Negotiations around the EU’s 19th sanctions package is no different. While the sanctions package targets financial entities, crypto exchanges, companies that assist Russia’s defense industrial base, and more of Russia’s “shadow fleet” tankers, the package is accompanied by European Commission proposals for a complete Russian fuels phaseout by the end of 2026 and a €140 billion “reparations loan” from Russian sovereign assets that have matured into cash, which sits in an account with the European Central Bank. The proposal is not finalized, but the rough idea is that Euroclear delivers the €140 billion reparations loan to Ukraine at 0% interest. The loan will be backed by guarantees from most EU member states but repaid by Ukraine once Russia compensates it. Either EU state guarantees or Ukraine’s repayment will allow Euroclear to repay Russia—thereby keeping their claim intact. The money will be held in a special purpose vehicle contributed to by all G7 nations, which will allow the money to earn interest and be disbursed to Ukraine in coordinated tranches.
The European Council will have an opportunity to adopt the plan when it meets from October 23-24, but some politicking will occur before then. German Chancellor Friedrich Merz is the most outspoken proponent, reversing Germany’s previous opposition to challenging the norms around the immunity of state property. Merz argues that the sanctioned cash should exclusively equip Ukraine’s military to financially guarantee its defense for years and raise the costs of Russia’s continued aggression. However, indebted countries like France and Italy worry about issuing IOUs to depositories like Euroclear due to the pressures of their already-challenging austerity agendas. Moreover, any lost credibility for the euro could increase the costs of their debt, making matters worse. However, state-backed guarantees are a key reassurance to Belgium, which would otherwise harbor all of the risk for Euroclear.

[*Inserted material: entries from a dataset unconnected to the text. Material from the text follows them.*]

Definition premeasure n (d : 'I_n -> nat) (U : local_bases d)
  (rho : lmap (msys d) (msys d)) : lmap (msys d * msys d)%type (msys d * msys d)%type :=
  lmap_mul (lmap_mul (meas_iso_all U) rho) (adj (meas_iso_all U)).

Definition total_neg_quantumness n (d : 'I_n -> nat)
  (rho : lmap (msys d) (msys d)) : R :=
  inf [set r : R | exists U : local_bases d,
         orthonormal_bases U /\ r = negativity (premeasure U rho)].

End QuantumDefs.

(* In the product basis {E_i} of the measurement, (x)_k V_k maps rho to
   sum_{a,b} rho_ab |E_a>|a><E_b|<b|, whose partial transpose on the ancillas
   is sum_{a,b} rho_ab |E_a>|b><E_b|<a|.  Both families |E_a>|b> and |E_b>|a>
   are orthonormal, so this is a singular value decomposition with singular
   values |rho_ab|: the trace norm is the l1-norm of rho in that basis.  The
   diagonal entries rho_aa are nonnegative and sum to 1, hence the l1-norm of
   rho minus its dephased version is exactly that l1-norm minus 1, so the two
   quantities minimised in the theorem coincide basis by basis. *)

From HB Require Import structures.
From mathcomp Require Import all_boot all_order all_algebra spectral.
From mathcomp Require Import complex.
From mathcomp Require Import classical_sets reals.
From mathcomp Require Import ring.
Set Implicit Arguments.
Unset Strict Implicit.
Unset Printing Implicit Defensive.
Lemma vaddK y : cancel (@vadd n ^~ y) (@vadd n ^~ y).
Proof. by move=> x; apply/ffunP => i; rewrite !ffunE addbK. Qed.

Lemma vaddI y : injective (@vadd n ^~ y).
Proof. exact: can_inj (vaddK y). Qed.

Lemma vaddx0 x : vadd x (vzero n) = x.
Proof. by apply/ffunP => i; rewrite !ffunE addbF. Qed.

Lemma dotE x y : dot x y = \big[addb/false]_i (x i && y i).
Proof.
rewrite /dot card_set_sum_nat (big_morph odd oddD (erefl _)).
by apply: eq_bigr => i _; case: (x i && y i).
Qed.

Lemma dotC x y : dot x y = dot y x.
Proof. by rewrite !dotE; apply: eq_bigr => i _; rewrite andbC. Qed.

Lemma dotDl x y z : dot (vadd x y) z = dot x z (+) dot y z.
Proof.
rewrite !dotE -big_split /=; apply: eq_bigr => i _; rewrite ffunE.
by case: (x i); case: (y i); case: (z i).
Qed.

Lemma dotDr x y z : dot z (vadd x y) = dot z x (+) dot z y.
Proof. by rewrite !(dotC z) dotDl. Qed.

Lemma dot0l x : dot (vzero n) x = false.
Proof. by rewrite dotE big1 // => i _; rewrite ffunE. Qed.

Lemma dot0r x : dot x (vzero n) = false.
Proof. by rewrite dotC dot0l. Qed.

Lemma dot_onesl x : dot ones x = odd (wt x).
Proof. by congr odd; apply: eq_card => i; rewrite !inE ffunE. Qed.

Lemma wt_le_n x : (wt x <= n)%N.
Proof. by rewrite /wt -[X in (_ <= X)%N]card_ord max_card. Qed.

Lemma wt0 : wt (vzero n) = 0%N.
Proof. by apply: eq_card0 => i; rewrite inE ffunE. Qed.

Lemma wt_vadd_ones x : wt (vadd x ones) = (n - wt x)%N.
Proof.
have /(congr1 (subn^~ (wt x))) : (wt x + #|[predC [set i | x i]]|)%N = n.
  by rewrite cardC card_ord.
by rewrite addKn => <-; apply: eq_card => i; rewrite !inE !ffunE addbT.
Qed.

Lemma dual_code0 (C : {set vec n}) : vzero n \in dual_code C.
Proof. by rewrite inE; apply/forall_inP => x _; rewrite dot0r. Qed.

Lemma dual_codeD (C : {set vec n}) y z :
  y \in dual_code C -> z \in dual_code C -> vadd y z \in dual_code C.
Proof.
rewrite !inE => /forall_inP Cy /forall_inP Cz; apply/forall_inP => x Cx.
by rewrite dotDr (negbTE (Cy x Cx)) (negbTE (Cz x Cx)).
Qed.

End BinaryVectors.

Lemma coef_1DZX_exp (R : comNzRingType) (a : R) (m j : nat) :
  ((1 + a *: 'X) ^+ m)`_j = a ^+ j *+ 'C(m, j).
Proof.
rewrite exprDn.
under eq_bigr do rewrite expr1n mul1r exprZn scalerMnl.
rewrite coef_sumMXn; case: (ltnP j m.+1) => [lt_jm | le_mj].
  by rewrite (big_pred1 (Ordinal lt_jm)).
rewrite big_pred0 ?bin_small ?mulr0n // => i /=.
by apply/negbTE; rewrite neq_ltn (leq_trans (ltn_ord i) le_mj).
Qed.

Lemma sum_sign_dot_XwtE (R : comNzRingType) n (y : vec n) :
  \sum_(x : vec n) (-1) ^+ dot y x *: 'X^(wt x)
  = \prod_(i < n) (1 + (-1) ^+ y i *: 'X) :> {poly R}.
Proof.
pose G (i : 'I_n) (b : bool) : {poly R} := if b then (-1) ^+ y i *: 'X else 1.
rewrite (eq_bigr (fun i => \sum_b G i b)); last by move=> i _; rewrite big_bool addrC.
rewrite bigA_distr_bigA /=; apply: eq_bigr => x _.
rewrite (eq_bigr (fun i => ((-1) ^+ (y i && x i))%:P * 'X^(x i))); last first.
  move=> i _; rewrite /G; case: (x i); rewrite ?andbT ?andbF.
    by rewrite mul_polyC expr1.
  by rewrite expr0 mulr1 polyC1.
rewrite big_split /= -rmorph_prod !prodrXr mul_polyC.
by rewrite /dot /wt !card_set_sum_nat signr_odd.
Qed.

Lemma sum_sphere_sign_dot (R : numDomainType) n w (y : vec n) :
  \sum_(x : vec n | wt x == w) (-1) ^+ dot y x = kraw R n w (wt y).
Proof.
have := congr1 (fun p : {poly R} => p`_w) (sum_sign_dot_XwtE R y).
rewrite /= coef_sumMXn => ->.
rewrite (bigID (fun i => y i)) /=.
rewrite (eq_bigr (fun _ => 1 + (-1) *: 'X)); last by move=> i ->.
rewrite [X in _ * X](eq_bigr (fun _ => 1 + 1 *: 'X)); last by move=> i /negbTE ->.
rewrite !prodr_const.
have -> : #|(fun i => y i)| = wt y by apply: eq_card => i; rewrite inE.
have -> : #|(fun i => ~~ y i)| = (n - wt y)%N.
  by rewrite -wt_vadd_ones; apply: eq_card => i; rewrite inE !ffunE addbT.
rewrite coefM /kraw; apply: eq_bigr => j _.
by rewrite !coef_1DZX_exp expr1n -mulr_natr.
Qed.

Lemma kraw0 (R : numDomainType) n w : kraw R n w 0 = ('C(n, w))%:R.
Proof.
rewrite /kraw big_ord_recl big1 => [|i _]; last by rewrite bin0n mulr0 mul0r.
by rewrite addr0 bin0 !mul1r !subn0.
Qed.

Lemma sum_sphere1 (R : numDomainType) n w :
  \sum_(x : vec n | wt x == w) (1 : R) = ('C(n, w))%:R.
Proof.
rewrite -(kraw0 R n w) -(wt0 n) -sum_sphere_sign_dot.
by apply: eq_bigr => x _; rewrite dot0l.
Qed.

Lemma sum_ball1 (R : numDomainType) n t (d : vec n) :
  \sum_(x : vec n | (wt (vadd x d) <= t)%N) (1 : R) = (hamball n t)%:R.
Proof.
rewrite (reindex_inj (@vaddI n d)) /=.
under eq_bigl do rewrite vaddK.
rewrite (partition_big (fun x : vec n => inord (wt x) : 'I_t.+1) predT) //=.
rewrite /hamball natr_sum; apply: eq_bigr => j _.
rewrite -sum_sphere1; apply: eq_bigl => x; apply/andP/eqP => [[le_xt /eqP <-] | wt_x].
  by rewrite inordK.
by rewrite wt_x -ltnS ltn_ord; split=> //; apply/eqP/val_inj; rewrite /= inordK.
Qed.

In order to cushion any effects on the euro, the EU has asked other G7 nations to move ahead with similar loan plans. After all, a coordinated effort would ensure that the euro alone does not take the fall. It is unlikely that the US dollar, euro, pound, and yen together—comprising 98% of global reserves—would suffer much lost credibility.
The US has pressured the EU to move ahead. Although the US has not committed to doing the same with its own frozen Russian cash just yet, Congress is moving in this direction. In late September, mirroring G7 discussions, a bipartisan group of senators led by Sen. Jeanne Shaheen (D-NH) proposed the REPO Implementation Act, which would grant the president authority to repurpose tranches of sanctioned Russian sovereign assets on a suggested timeline of every 90 days. This follows up the original REPO Act, which was signed into law in April 2024 and mandates that sanctioned Russian sovereign assets only be transferred for Ukraine’s reconstruction. The UK indicated that it would adopt a $25 billion “reparations loan” similar to the EU’s but for pound-denominated assets. Japan has suggested it would follow the lead of the US.
US Developments
US Designates Iranian Procurement Network
On October 1, OFAC designated 21 entities and 17 individuals across multiple jurisdictions that were allegedly involved in the acquisition of sensitive goods and technology for Iran’s Ministry of Defense and Armed Forces Logistics (MODAFL), a Specially Designated Global Terrorist (SDGT) and key component of Iran’s defense apparatus. According to OFAC, the designations include “networks” of individuals and entities from Iran, Hong Kong, China, Germany, Türkiye, Portugal, and Uruguay.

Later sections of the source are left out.